Review Summary: At 5 AM I turned the radio on and an old mans voice sang a short sweet song, and then the static roared again hungry for blood...
By the time that John Darnielle, also known by his cloven alter-ego The Mountain Goats, set out to write 2000's
The Coroner's Gambit he had nine full-lengths and almost double that amount of lesser known singles and EP's to his name, but he had still yet to fully come into his own. True, he had already created the bitter and divisive Alpha couple, a concept he would fully explore later on
Tallahassee, and released two damn near flawless albums in
Sweden and
Nothing for Juice, yet those were just growing pains, a sign of things to come, a glimpse of the near limitless potential of Darnielle, his guitar, and a Panasonic RX-FT5000Â*boombox to record into. After a decade of honing his craft,
The Coroner's Gambit marks The Mountain Goat's first masterpiece.

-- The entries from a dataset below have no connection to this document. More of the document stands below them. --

Lemma hmul_hneg (a b : R) : hmul a (hneg b) = hneg (hmul a b).
Proof.
  apply hadd_neg_unique, (proj1 (hmul_distr R a b (hneg b) hzero)).
  exists hzero. split; [apply hadd_neg | symmetry; apply hmul_zero].
Qed.

Lemma hadd_hmull (c x y z : R) : hadd x y z -> hadd (hmul c x) (hmul c y) (hmul c z).
Proof. intro Hz. apply (proj1 (hmul_distr R c x y _)). exists z. auto. Qed.

Lemma hadd_hmulr (c x y z : R) : hadd x y z -> hadd (hmul x c) (hmul y c) (hmul z c).
Proof. rewrite !(hmul_comm R _ c). apply hadd_hmull. Qed.

Lemma hmulCA (a b c : R) : hmul a (hmul b c) = hmul b (hmul a c).
Proof. rewrite !hmul_assoc, (hmul_comm R a b). reflexivity. Qed.

Section HyperidealClosure.
Variable I : hset R.
Hypothesis HI : hyperideal I.

Lemma hyperideal_hsub (a b x : R) : I a -> I b -> hadd a (hneg b) x -> I x.
Proof. apply (proj1 (proj2 HI)). Qed.

Lemma hyperideal_hmull (r a : R) : I a -> I (hmul r a).
Proof. apply (proj2 (proj2 HI)). Qed.

Lemma hyperideal_hmulr (a r : R) : I a -> I (hmul a r).
Proof. rewrite hmul_comm. apply hyperideal_hmull. Qed.

Lemma hyperideal_hzero : I hzero.
Proof.
  destruct (proj1 HI) as [x Ix].
  rewrite <- (hmul_zero R x). apply hyperideal_hmulr, Ix.
Qed.

Lemma hyperideal_hneg (x : R) : I x -> I (hneg x).
Proof.
  intro Ix. apply (hyperideal_hsub hzero x); [apply hyperideal_hzero | exact Ix |].
  apply hadd_comm, hadd_zero. reflexivity.
Qed.

Lemma hyperideal_hadd (x y z : R) : I x -> I y -> hadd x y z -> I z.
Proof.
  intros Ix Iy Hz. apply (hyperideal_hsub x (hneg y)); [exact Ix | apply hyperideal_hneg, Iy |].
  rewrite hneg_hneg. exact Hz.
Qed.

Lemma hyperideal_hadd_notin (x x0 z : R) : I x -> ~ I x0 -> hadd x x0 z -> ~ I z.
Proof.
  intros Ix Ix0 Hz Iz. apply Ix0.
  exact (hyperideal_hsub z x x0 Iz Ix (proj1 (hadd_rev R _ _ _ Hz))).
Qed.

Lemma hyperideal_cancel_hmull (c x x0 z : R) :
  hadd x x0 z -> I (hmul c z) -> I (hmul c x0) -> I (hmul c x).
Proof.
  intros Hz Iz Ix0. apply (hyperideal_hsub (hmul c z) (hmul c x0)); [exact Iz | exact Ix0 |].
  exact (proj2 (hadd_rev R _ _ _ (hadd_hmull c _ _ _ Hz))).
Qed.

Lemma hyperideal_cancel_hmulr (c x x0 z : R) :
  hadd x x0 z -> I (hmul z c) -> I (hmul x0 c) -> I (hmul x c).
Proof. rewrite !(hmul_comm R _ c). apply hyperideal_cancel_hmull. Qed.

End HyperidealClosure.

Definition hprincipal (b : R) : hset R := fun x => exists r, x = hmul r b.

Lemma hprincipal_self (b : R) : hprincipal b b.
Proof. exists hone. symmetry. apply hmul_one. Qed.

Lemma hprincipal_hyperideal (b : R) : hyperideal (hprincipal b).
Proof.
  split; [exists b; apply hprincipal_self |]. split.
  - intros x y z [r ->] [s ->] Hz.
    rewrite (hmul_comm R s b), <- hmul_hneg, (hmul_comm R r b) in Hz.
    destruct (proj2 (hmul_distr R b r (hneg s) z) Hz) as [t [_ ->]].
    exists t. apply hmul_comm.
  - intros r x [s ->]. exists (hmul r s). apply hmul_assoc.
Qed.

Lemma hcolon_hyperideal (I : hset R) (a : R) : hyperideal I -> hyperideal (hcolon I a).
Proof.
  intro HI. unfold hcolon. split; [| split].
  - exists hzero. rewrite hmul_comm, hmul_zero. apply hyperideal_hzero, HI.
  - intros x y z Ix Iy Hz. apply (hyperideal_hsub I HI (hmul x a) (hmul y a)); auto.
    rewrite <- (hmul_comm R a y), <- hmul_hneg, (hmul_comm R a).
    apply hadd_hmulr, Hz.
  - intros r x Ix. rewrite <- hmul_assoc. apply hyperideal_hmull; auto.
Qed.

Lemma hcolonI_hyperideal (I M : hset R) : hyperideal I -> hyperideal (hcolonI I M).
Proof.
  intro HI. split; [| split].
  - exists hzero. intros m _. apply hyperideal_hzero, hcolon_hyperideal, HI.
  - intros x y z Ix Iy Hz m Mm.
    exact (hyperideal_hsub _ (hcolon_hyperideal I m HI) x y z (Ix m Mm) (Iy m Mm) Hz).
  - intros r x Ix m Mm. exact (hyperideal_hmull _ (hcolon_hyperideal I m HI) r x (Ix m Mm)).
Qed.
Lemma sq_integrableD f g : sq_integrable f -> sq_integrable g ->
  sq_integrable (fun t => f t + g t).
Proof.
move=> [mf if2] [mg ig2]; split; first exact: measurable_funD.
apply: (integrable_le_EFin (g := fun t => 2 * f t ^+ 2 + 2 * g t ^+ 2)).
- by apply: measurable_funX; exact: measurable_funD.
- by move=> t; rewrite ger0_norm ?sqr_ge0 //; have := sqr_ge0 (f t - g t); nra.
- by apply: integrableD_EFin; exact: integrableZl_EFin.
Qed.

Lemma sq_integrableZl c f : sq_integrable f -> sq_integrable (fun t => c * f t).
Proof.
move=> [mf if2]; split; first exact: measurable_funM.
by under eq_fun do rewrite exprMn; exact: integrableZl_EFin.
Qed.

Lemma sq_integrableB f g : sq_integrable f -> sq_integrable g ->
  sq_integrable (fun t => f t - g t).
Proof.
move=> sf /(sq_integrableZl (-1)) sg.
by under eq_fun do rewrite -mulN1r; exact: sq_integrableD.
Qed.

Lemma sq_integrable_sum I (s : seq I) (F : I -> T -> R) :
  (forall i, sq_integrable (F i)) -> sq_integrable (fun t => \sum_(i <- s) F i t).
Proof.
move=> sF; elim: s => [|i s IH].
  by under eq_fun do rewrite big_nil; exact: sq_integrable_cst.
by under eq_fun do rewrite big_cons; exact: sq_integrableD.
Qed.

Lemma integrable_mul_sq f g : sq_integrable f -> sq_integrable g ->
  mu.-integrable setT (fun t => (f t * g t)%:E).
Proof.
move=> [mf if2] [mg ig2].
apply: (integrable_le_EFin (g := fun t => f t ^+ 2 + g t ^+ 2)).
- exact: measurable_funM.
- move=> t; rewrite normrM -[f t ^+ 2]real_normK ?num_real //.
  rewrite -[g t ^+ 2]real_normK ?num_real //; have := sqr_ge0 (`|f t| - `|g t|); nra.
- exact: integrableD_EFin.
Qed.

Lemma integrable_abs_sq f : sq_integrable f -> mu.-integrable setT (fun t => `|f t|%:E).
Proof.
move=> [mf if2]; apply: (integrable_le_EFin (g := fun t => 1 + f t ^+ 2)).
- by apply: measurableT_comp => //; exact: normr_measurable.
- move=> t; rewrite normr_id -[f t ^+ 2]real_normK ?num_real //.
  by have := normr_ge0 (f t); have := sqr_ge0 (`|f t| - 1); nra.
- exact: integrableD_EFin (integrable_cst 1) if2.
Qed.

Lemma Rintegral_sum I (s : seq I) (F : I -> T -> R) :
  (forall i, mu.-integrable setT (fun t => (F i t)%:E)) ->
  Rintegral mu setT (fun t => \sum_(i <- s) F i t) =
  \sum_(i <- s) Rintegral mu setT (F i).
Proof.
move=> iF; rewrite /Rintegral; under eq_integral do rewrite -sumEFin.
rewrite integral_sum // (eq_bigr (fun i => (Rintegral mu setT (F i))%:E)) ?sumEFin //.
by move=> i _; rewrite fineK // integrable_fin_num.
Qed.

Lemma sq_integrable_dotv n (x : 'cV[R]_n) (X : T -> 'cV[R]_n) :
  (forall a, sq_integrable (fun t => X t a 0)) -> sq_integrable (fun t => dotv x (X t)).
Proof.
move=> sX; under eq_fun do rewrite dotvE.
by apply: sq_integrable_sum => a; exact: sq_integrableZl.
Qed.

Lemma sq_integrable_mulmx p n (M : 'M[R]_(p, n)) (X : T -> 'cV[R]_n) :
  (forall a, sq_integrable (fun t => X t a 0)) ->
  forall b, sq_integrable (fun t => (M *m X t) b 0).
Proof.
move=> sX b; under eq_fun do rewrite mxE.
by apply: sq_integrable_sum => a; exact: sq_integrableZl.
Qed.

Definition second_moment n (X : T -> 'cV[R]_n) : 'M[R]_n :=
  \matrix_(a, b) Rintegral mu setT (fun t => X t a 0 * X t b 0).

Lemma Rintegral_sqr_dotv n (x : 'cV[R]_n) (X : T -> 'cV[R]_n) :
  (forall a, sq_integrable (fun t => X t a 0)) ->
  Rintegral mu setT (fun t => dotv x (X t) ^+ 2) = dotv x (second_moment X *m x).
Proof.
move=> sX; have iXX a b : mu.-integrable setT (fun t => (X t a 0 * X t b 0)%:E).
  exact: integrable_mul_sq.
rewrite dotv_mulmx_sum; transitivity (Rintegral mu setT
    (fun t => \sum_a \sum_b x a 0 * x b 0 * (X t a 0 * X t b 0))).
  apply: eq_Rintegral => t _; rewrite dotvE expr2 mulr_suml; apply: eq_bigr => a _.
  by rewrite mulr_sumr; apply: eq_bigr => b _; ring.
rewrite Rintegral_sum => [|a]; last first.
  by apply: integrable_sum_EFin => b; exact: integrableZl_EFin.
apply: eq_bigr => a _; rewrite Rintegral_sum => [|b]; last exact: integrableZl_EFin.
by apply: eq_bigr => b _; rewrite /second_moment mxE RintegralZl //; exact: iXX.
Qed.

Lemma weighted_Rintegral_sqr_dotv n k (pw : 'I_k -> R) (x : 'cV[R]_n)
    (X : 'I_k -> T -> 'cV[R]_n) :
  (forall j a, sq_integrable (fun t => X j t a 0)) ->
  \sum_j pw j * Rintegral mu setT (fun t => dotv x (X j t) ^+ 2) =
  dotv x (\matrix_(a, b) (\sum_j pw j * Rintegral mu setT (fun t => X j t a 0 * X j t b 0))
          *m x).
Proof.
move=> sX; rewrite dotv_mulmx_sum.
under [RHS]eq_bigr do under eq_bigr do rewrite mxE mulr_sumr.
under [RHS]eq_bigr do rewrite exchange_big /=.
rewrite exchange_big /=; apply: eq_bigr => j _.
rewrite Rintegral_sqr_dotv // dotv_mulmx_sum mulr_sumr; apply: eq_bigr => a _.
by rewrite mulr_sumr; apply: eq_bigr => b _; rewrite /second_moment mxE; ring.
Qed.

End SquareIntegrable.

Section WeightedAverage.
Variables (R : realType) (n : nat) (pw : 'I_n -> R).
Hypotheses (pw_ge0 : forall j, 0 <= pw j) (pw_sum1 : \sum_j pw j = 1).

Lemma le_weighted_sum (F : \bar R) (a : 'I_n -> \bar R) (b : 'I_n -> R) :
  (0 <= F)%E -> (forall j, F <= a j + (b j)%:E)%E ->
  (F <= \sum_j (pw j)%:E * a j + (\sum_j pw j * b j)%:E)%E.
Proof.
move=> F_ge0 F_le.
have -> : F = (\sum_j (pw j)%:E * F)%E.
  by rewrite -ge0_sume_distrl ?sumEFin ?pw_sum1 ?mul1e // => j _; rewrite lee_fin.
rewrite -sumEFin -big_split /=; apply: lee_sum => j _.
by rewrite EFinM -muleDr ?fin_num_adde_defl // lee_wpmul2l ?lee_fin.
Qed.

End WeightedAverage.

Section IntegralBounds.
Context d (T : measurableType d) (R : realType).
Variable mu : {measure set T -> \bar R}.
Local Open Scope ereal_scope.

Lemma integral_le_affine (c : R) (f g h : T -> R) : (0 <= c)%R ->
  (forall t, 0 <= f t)%R -> (forall t, 0 <= g t)%R -> (forall t, 0 <= h t)%R ->
  measurable_fun setT f -> measurable_fun setT g ->
  mu.-integrable setT (fun t => (h t)%:E) ->
  (forall t, f t <= c * g t + h t)%R ->
  \int[mu]_t (f t)%:E <= c%:E * \int[mu]_t (g t)%:E + (Rintegral mu setT h)%:E.
Proof.
move=> c_ge0 f_ge0 g_ge0 h_ge0 mf mg ih f_le.
have mh : measurable_fun setT h by case/integrableP: ih => /measurable_EFinP.
have mcg : measurable_fun setT (fun t => c * g t)%R by exact: measurable_funM.
apply: (@le_trans _ _ (\int[mu]_t ((c * g t)%R%:E + (h t)%:E))).
  apply: ge0_le_integral => //.
  - by move=> t _; rewrite lee_fin.
  - exact/measurable_EFinP.
  - by apply: emeasurable_funD; exact/measurable_EFinP.
  - by move=> t _; rewrite -EFinD lee_fin.
rewrite ge0_integralD //; last 4 first.
- by move=> t _; rewrite lee_fin mulr_ge0.
- exact/measurable_EFinP.
- by move=> t _; rewrite lee_fin.
- exact/measurable_EFinP.
under eq_integral do rewrite EFinM.
rewrite ge0_integralZl_EFin //; last exact/measurable_EFinP.
  by rewrite /Rintegral fineK // integrable_fin_num.
by move=> t _; rewrite lee_fin.
Qed.

End IntegralBounds.

Lemma le_of_amgm (R : realType) (S q K : R) : 0 <= K -> q <= K ^+ 2 ->
  (forall c, 0 < c -> S <= (2 * c)^-1 * q + c / 2) -> S <= K.
Proof.
move=> K_ge0 qK S_le; apply/ler_addgt0Pr => e e_gt0.
have c_gt0 : 0 < K + e by rewrite ltr_wpDl.
have : (2 * (K + e))^-1 * q <= (K + e) / 2.
  by rewrite mulrC ler_pdivrMr ?mulr_gt0 //; apply: le_trans qK _; nra.
by have := S_le _ c_gt0; lra.
Qed.

Section RiskTransfer.
Context d (T : measurableType d) (R : realType).
Variable mu : probability T R.
Variables (n : nat) (pw : 'I_n -> R).
Hypotheses (pw_ge0 : forall j, 0 <= pw j) (pw_sum1 : \sum_j pw j = 1).
Lemma cluster_fixed l :
  (forall d, 0 < d -> exists t, sqn (g t - l) <= d /\ sqn (g t - g t.+1) <= d) ->
  ladmm_step l = l.
Proof.
move=> l_near; have [K K_ge0 step_lip] := ladmm_step_lipschitz.
apply/eqP; rewrite -subr_eq0 -sqn_eq0 eq_le sqn_ge0 andbT.
apply: (@le0_of_le_mul _ _ (4 * K + 6)) => [|d /l_near[t [gl_le gg_le]]]; first lra.
rewrite (subr_telescope3 _ (g t.+1) (g t)).
have := sqnD_le (ladmm_step l - g t.+1 + (g t.+1 - g t)) (g t - l).
have := sqnD_le (ladmm_step l - g t.+1) (g t.+1 - g t).
have : sqn (ladmm_step l - g t.+1) <= K * d.
  rewrite g_step; apply: le_trans (step_lip l (g t)) _.
  by apply: ler_wpM2l => //; rewrite sqnBC.
by rewrite (sqnBC (g t.+1)); lra.
Qed.

Lemma trajectory_cluster s : kkt s ->
  exists l, forall d, 0 < d -> forall T, exists2 t, (T <= t)%N & sqn (g t - l) < d.
Proof.
move=> s_kkt; have [C C_gt0 sqn_le] := Hquad_coercive.
pose vec (h : state) := col_mx (col_mx h.1.1 h.1.2) h.2.
have vec_sqn h : dot (vec h) (vec h) = sqn h by case: h => [[b z] u]; rewrite /vec !dot_col_mx.
have [|l l_cluster] :=
  bounded_cluster (w := vec \o g) (M := 2 * (C * Hquad (g 0 - s)) + 2 * sqn s).
  move=> t; rewrite /= vec_sqn -[g t](subrK s); apply: le_trans (sqnD_le _ _) _.
  have := ler_wpM2l (ltW C_gt0) (Hquad_dist_nonincr s_kkt (leq0n t)).
  by have := sqn_le (g t - s); lra.
have [lb [lz [lu l_def]]] : exists lb lz lu, l = col_mx (col_mx lb lz) lu.
  by exists (usubmx (usubmx l)), (dsubmx (usubmx l)), (dsubmx l); rewrite !vsubmxK.
exists (lb, lz, lu) => d /l_cluster l_near T; have [t Tt lt_d] := l_near T.
by exists t => //; move: lt_d; rewrite -vec_sqn l_def /= !opp_col_mx !add_col_mx.
Qed.

(* Fejer monotonicity with respect to the cluster point itself upgrades
   the cluster point to a limit. *)
Lemma cvg_to_kkt_cluster l : kkt l ->
  (forall d, 0 < d -> forall T, exists2 t, (T <= t)%N & sqn (g t - l) < d) ->
  forall d, 0 < d -> exists T, forall t, (T <= t)%N -> sqn (g t - l) < d.
Proof.
move=> l_kkt l_cluster d d_gt0.
have [C C_gt0 sqn_le] := Hquad_coercive; have [C' C'_ge0 Hquad_le] := Hquad_bounded.
have CC_gt0 : 0 < C * C' + 1 by rewrite ltr_wpDl // mulr_ge0 // ltW.
have [T _ gT_near] := l_cluster (d / (C * C' + 1)) (divr_gt0 d_gt0 CC_gt0) 0%N.
exists T => t Tt; apply: le_lt_trans (sqn_le _) _.
have := ler_wpM2l (ltW C_gt0) (Hquad_dist_nonincr l_kkt Tt).
have := ler_wpM2l (ltW C_gt0) (Hquad_le (g T - l)).
have := ler_wpM2l (mulr_ge0 (ltW C_gt0) C'_ge0) (ltW gT_near).
have e_gt0 : 0 < d / (C * C' + 1) by rewrite divr_gt0.
have : d / (C * C' + 1) * (C * C' + 1) = d by rewrite mulfVK // gt_eqF.
lra.
Qed.

Theorem ladmm_convergence s : kkt s ->
  exists l : state, [/\ kkt l,
    (g t).1.1 @[t --> \oo] --> l.1.1, (g t).1.2 @[t --> \oo] --> l.1.2,
    (g t).2 @[t --> \oo] --> l.2 &
    forall T, Hquad (g T - g T.+1) <= T.+1%:R^-1 * Hquad (g 0 - l)].
Proof.
move=> s_kkt; have [l l_cluster] := trajectory_cluster s_kkt.
have l_kkt : kkt l.
  apply/kkt_step_vi; rewrite -[X in step_vi _ X](cluster_fixed _); first exact: ladmm_step_vi.
  move=> d d_gt0; have [T T_steps] := steps_vanish s_kkt d_gt0.
  by have [t Tt /ltW gt_near] := l_cluster d d_gt0 T; exists t; split; [|exact: T_steps].
have g_cvg := cvg_to_kkt_cluster l_kkt l_cluster.
exists l; split => //; last by move=> T; rewrite ler_pdivlMl // Hquad_step_rate.
all: apply: cvg_dot_dist => d /g_cvg[T T_near]; exists T => t /T_near.
all: move=> lt_d; case: (dot_le_sqn (g t - l)) => b_le z_le u_le.
- exact: le_lt_trans b_le lt_d.
- exact: le_lt_trans z_le lt_d.
- exact: le_lt_trans u_le lt_d.
Qed.

End Trajectory.

End LinearizedADMM.

(** * The Dantzig selector problem *)

Section Lagrangian.
Variables (R : realType) (n p : nat) (X : 'M[R]_(n, p)) (y : 'cV[R]_n) (lam : R).
Hypothesis lam_ge0 : 0 <= lam.
Local Notation A := (X^T *m X).
Local Notation c := (X^T *m y).
Local Notation c0 := (n%:R * lam).

Lemma lagrangian_in_box b z u : in_box c0 z ->
  lagrangian X y lam b z u = (norm1 b - dot u (res A c b z))%:E.
Proof.
move=> z_box; rewrite /lagrangian /deltaZ0 ifT; last by apply/forallP.
by rewrite dot_trmx adde0 -EFinD.
Qed.

Lemma lagrangian_out_box b z u : ~ in_box c0 z -> lagrangian X y lam b z u = +oo%E.
Proof.
move=> z_out; rewrite /lagrangian /deltaZ0 ifF ?addey ?addye //.
by apply/negP => /forallP.
Qed.

Lemma res_kkt bs zs b z : res A c bs zs = 0 -> res A c b z = A *m (b - bs) - (z - zs).
Proof.
move=> res0; rewrite -[LHS]subr0 -res0 /res mulmxBr.
by apply/matrixP => i j; rewrite !mxE; ring.
Qed.

Lemma saddle_kkt bs zs us : saddle X y lam bs zs us <-> kkt A c c0 (bs, zs, us).
Proof.
have c0_ge0 : 0 <= c0 by rewrite mulr_ge0.
split=> [bzu_saddle | [b_opt zs_box z_opt res0] b z u].
- have zs_box : in_box c0 zs.
    apply: contrapT => /lagrangian_out_box zs_out; have := (bzu_saddle 0 0 us).2.
    by rewrite zs_out lagrangian_in_box // => i; rewrite mxE normr0.
  have res0 : res A c bs zs = 0.
    have := (bzu_saddle bs zs (us - res A c bs zs)).1; rewrite !lagrangian_in_box // lee_fin.
    by rewrite dotBl => ?; apply/eqP; rewrite -dot_eq0 eq_le dot_ge0 andbT; lra.
  split => // [x | x x_box].
    have := (bzu_saddle x zs us).2; rewrite !lagrangian_in_box // lee_fin res0 dot0r subr0.
    by rewrite (res_kkt _ _ res0) subrr subr0 dot_mulmx trmxK; lra.
  have := (bzu_saddle bs x us).2; rewrite !lagrangian_in_box // lee_fin res0 dot0r subr0.
  by rewrite (res_kkt _ _ res0) subrr mulmx0 sub0r dotNr; lra.
- split; first by rewrite !lagrangian_in_box // res0 !dot0r.
  have [z_box|/lagrangian_out_box ->] := pselect (in_box c0 z); last exact: leey.
  rewrite !lagrangian_in_box // lee_fin res0 dot0r subr0 (res_kkt _ _ res0) dotBr.
  by have := b_opt b; have := z_opt z z_box; rewrite dot_mulmx trmxK; lra.
Qed.

End Lagrangian.

Lemma stackB (R : realType) (p : nat) (b z u b' z' u' : 'cV[R]_p) :
  stack b z u - stack b' z' u' = stack (b - b') (z - z') (u - u').
Proof. by rewrite /stack !opp_col_mx !add_col_mx. Qed.

Lemma Hnorm2_stack (R : realType) (n p : nat) (X : 'M[R]_(n, p)) (mu eta : R)
    (b z u : 'cV[R]_p) : mu != 0 ->
  Hnorm2 (Hmat X mu eta) (stack b z u) = Hquad (X^T *m X) mu eta (b, z, u).
Proof.
move=> mu_neq0; set A := X^T *m X.
have A_sym : A^T = A by rewrite /A trmx_mul trmxK.
have mxE00 (M N : 'M[R]_1) : (M + N) 0 0 = M 0 0 + N 0 0 by rewrite mxE.
rewrite /Hnorm2 /Hmat /stack -/A A_sym -mulmxA !mul_block_col !mul_col_mx !mul_row_col.
rewrite !tr_col_mx !add_col_mx !mul_row_col !mul0mx !addr0 !add0r [mu *: _ + _]addrC subrK.
rewrite !mul_scalar_mx mulNmx !mul1mx !mulmxDr !mxE00 !dot_trmx !(dotDr, dotZr, dotNr).
rewrite mulNmx mul1mx dotNr /Hquad /Hform (dotC u (A *m b)) (dotC u z).
by rewrite dot_mulmx A_sym (dotC b (A *m u)); ring.
Qed.

Section Blocks.
Variables (R : realType) (p K : nat) (blk : 'I_p -> 'I_K).

Lemma selT_mulmxE (I : {set 'I_p}) (v : 'cV[R]_p) k :
  ((sel R I)^T *m v) k 0 = v (enum_val k) 0.
Proof.
rewrite mxE (bigD1 (enum_val k)) //= big1 ?addr0 => [|j j_neq].
  by rewrite !mxE eqxx mul1r.
by rewrite !mxE (negbTE j_neq) mul0r.
Qed.

Lemma sel_selT_mulmxE (I : {set 'I_p}) (v : 'cV[R]_p) j :
  (sel R I *m ((sel R I)^T *m v)) j 0 = if j \in I then v j 0 else 0.
Proof.
rewrite mxE; under eq_bigr do rewrite selT_mulmxE mxE.
case: (boolP (j \in I)) => [j_in|j_out].
  rewrite (bigD1 (enum_rank_in j_in j)) //= enum_rankK_in // eqxx mul1r big1 ?addr0 //.
  move=> k k_neq; case: eqP => [j_eq|]; last by rewrite mul0r.
  move/enum_val_inj: (etrans (enum_rankK_in j_in j_in) j_eq) => k_eq.
  by rewrite k_eq eqxx in k_neq.
rewrite big1 // => k _; case: eqP => [j_eq|]; last by rewrite mul0r.
by move: j_out; rewrite j_eq enum_valP.
Qed.

Lemma sum_block_sel (v : 'cV[R]_p) :
  \sum_(i < K) sel R (block blk i) *m ((sel R (block blk i))^T *m v) = v.
Proof.
apply/matrixP => j l; rewrite (ord1 l) summxE.
under eq_bigr do rewrite sel_selT_mulmxE inE.
by rewrite -big_mkcond /= (big_pred1 (blk j)) // => i; rewrite /= eq_sym.
Qed.

Lemma soft_blocks (tau : R) (v w : 'cV[R]_p) :
  (forall i, (sel R (block blk i))^T *m v = soft tau ((sel R (block blk i))^T *m w)) ->
  v = soft tau w.
Proof.
move=> v_blocks; apply/matrixP => j l; rewrite (ord1 l).
have j_in : j \in block blk (blk j) by rewrite inE.
have := congr1 (fun M : 'cV[R]_#|block blk (blk j)| => M (enum_rank_in j_in j) 0)
  (v_blocks (blk j)).
by rewrite /= [in RHS]mxE !selT_mulmxE enum_rankK_in // mxE.
Qed.

End Blocks.

Section Algorithms.
Variables (R : realType) (n p K : nat) (X : 'M[R]_(n, p)) (y : 'cV[R]_n)
  (lam mu eta : R) (blk : 'I_p -> 'I_K) (beta z u : nat -> 'cV[R]_p).
Local Notation step := (ladmm_step (X^T *m X) (X^T *m y) (n%:R * lam) mu eta).

Lemma algorithm1_ladmm : algorithm1 X y lam mu eta beta z u ->
  forall t, (beta t.+1, z t.+1, u t.+1) = step (beta t, z t, u t).
Proof.
by move=> alg t; case: (alg t) => b_step z_step u_step; rewrite u_step b_step z_step.
Qed.

Lemma algorithm2_ladmm : algorithm2 blk X y lam mu eta beta z u ->
  forall t, (beta t.+1, z t.+1, u t.+1) = step (beta t, z t, u t).
Proof.
move=> alg t; have [b_step z_step u_step] := alg t.
have sum_blocks (v : 'cV[R]_p) : \sum_(i < K)
    (X^T *m (X *m sel R (block blk i))) *m ((sel R (block blk i))^T *m v) = X^T *m X *m v.
  rewrite -[in RHS](sum_block_sel blk v) mulmx_sumr; apply: eq_bigr => i _.
  by rewrite !mulmxA.
have b_eq : beta t.+1 = soft eta^-1 (beta t + eta^-1 *: ((X^T *m X)^T *m u t)).
  apply: (@soft_blocks _ _ _ blk) => i; rewrite b_step mulmxDr -scalemxAr.
  by rewrite !trmx_mul !trmxK !mulmxA.
by rewrite u_step !sum_blocks b_eq z_step.
Qed.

Like every Mountain Goats album before 2002's
Tallahassee,
The Coroner's Gambit is a musically simple, yet emotionally complex, collection of lo-fi gold, eschewing professional conventions in favor of intimate, homebrewed numbers awash in a tinny haze of tape hiss, charmingly under produced acoustic guitar, and buzzing vocals. Even on his earliest songs, Darnielle's hyper-literate prose was, and still is, one of music's best kept secrets, and the 16 songs on display here mark his evolution from bookish wordsmith to enlightened philosopher. Bittersweet and unnerving, the stories presented on
The Coroner's Gambit, while mostly fictitious, are so hauntingly bare that it is hard to believe that Darnielle hasn't lived dozens of lives, each full of despair and distrust, as well as joy and rapture, displaying his uncanny ability to wrap his bleak musings on the best and the worst of human interactions in the prettiest of melodies.